▸ Data extracts:

Lemma ksup_pointwise F : is_ksup A D F ->
  forall y x, is_sup A (net_vals D (fun f v => v = f y x)) (F y x).
Proof.
  intros [HFk [HFub HFleast]].
  assert (Hsup : forall y x, exists v, is_sup A (net_vals D (fun f v => v = f y x)) v).
  { intros y x. apply (dcpo HA), (net_directed _ _ D_directed); [intros f _; eauto|].
    intros f g v w Hfg -> ->. apply wle_le, Hfg. }
  (* The pointwise supremum lies below [F], hence is a kernel, hence above [F]. *)
  pose (P := fun y x => proj1_sig (constructive_indefinite_description _ (Hsup y x))).
  assert (HP : forall y x, is_sup A (net_vals D (fun f v => v = f y x)) (P y x)).
  { intros y x. unfold P. destruct constructive_indefinite_description; auto. }
  assert (HPF : forall y x, le (P y x) (F y x)).
  { intros y x. apply (HP y x). intros v [f [Hf ->]]. apply wle_le, HFub; auto. }
  assert (HPk : isKer A P) by (intros y; apply (inW_le (P y) (F y)); auto).
  assert (HFP : kle A F P).
  { apply HFleast; auto. intros f Hf y. apply le_wle; auto.
    intros x. apply (HP y x). exists f; auto. }
  intros y x. replace (F y x) with (P y x); auto.
  apply (nle_antisym HA); auto. apply wle_le, HFP.
Qed.

Lemma kext_net_sup F m hF : is_ksup A D F -> kext A F m hF ->
  (forall f, D f -> exists h, kext A f m h) ->
  forall y, is_sup A (net_vals D (fun f v => exists h, kext A f m h /\ v = h y)) (hF y).
Proof.
  intros HF KF Hex y.
  pose proof (ksup_pointwise F HF) as HFpt.
  split.
  - intros v [f [Hf [h [Kh ->]]]]. apply (kext_mono f F m h hF); auto.
    intros x z. apply (HFpt x z). exists f; auto.
  - intros b Hb. destruct KF as [_ KF]. destruct (KF y) as [_ [_ Hleast]]. apply Hleast.
    intros t [l [Nl [Sl Et]]].
    apply (net_sup_lsum _ _ D_directed (fun x f => m x * f x y) (fun x => m x * F x y) l t);
      auto.
    + intros x f g v w Hfg -> ->. apply pmul_mono_l, wle_le, Hfg.
    + intros x. eapply is_sup_ext;
        [|apply (net_sup_mul _ _ D_directed (m x) (fun f v => v = f x y)), HFpt].
      * intros v; split; intros [f [Hf Hv]]; exists f; split; auto.
        -- destruct Hv as [w [-> ->]]; auto.
        -- eauto.
      * intros f _; eauto.
      * intros f g v w Hfg -> ->. apply wle_le, Hfg.
    + intros v [f [Hf Ev]]. destruct (Hex f Hf) as [h Kh].
      apply nle_trans with (h y); [|apply Hb; exists f; eauto].
      destruct Kh as [_ Kh]. destruct (Kh y) as [_ [Hub _]]. apply Hub. exists l; auto.
Qed.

▸ About this exercise:
Among the entries, how many lines contain the string "HFleast"? Give the number without anything else.

▸ Response to the task:
2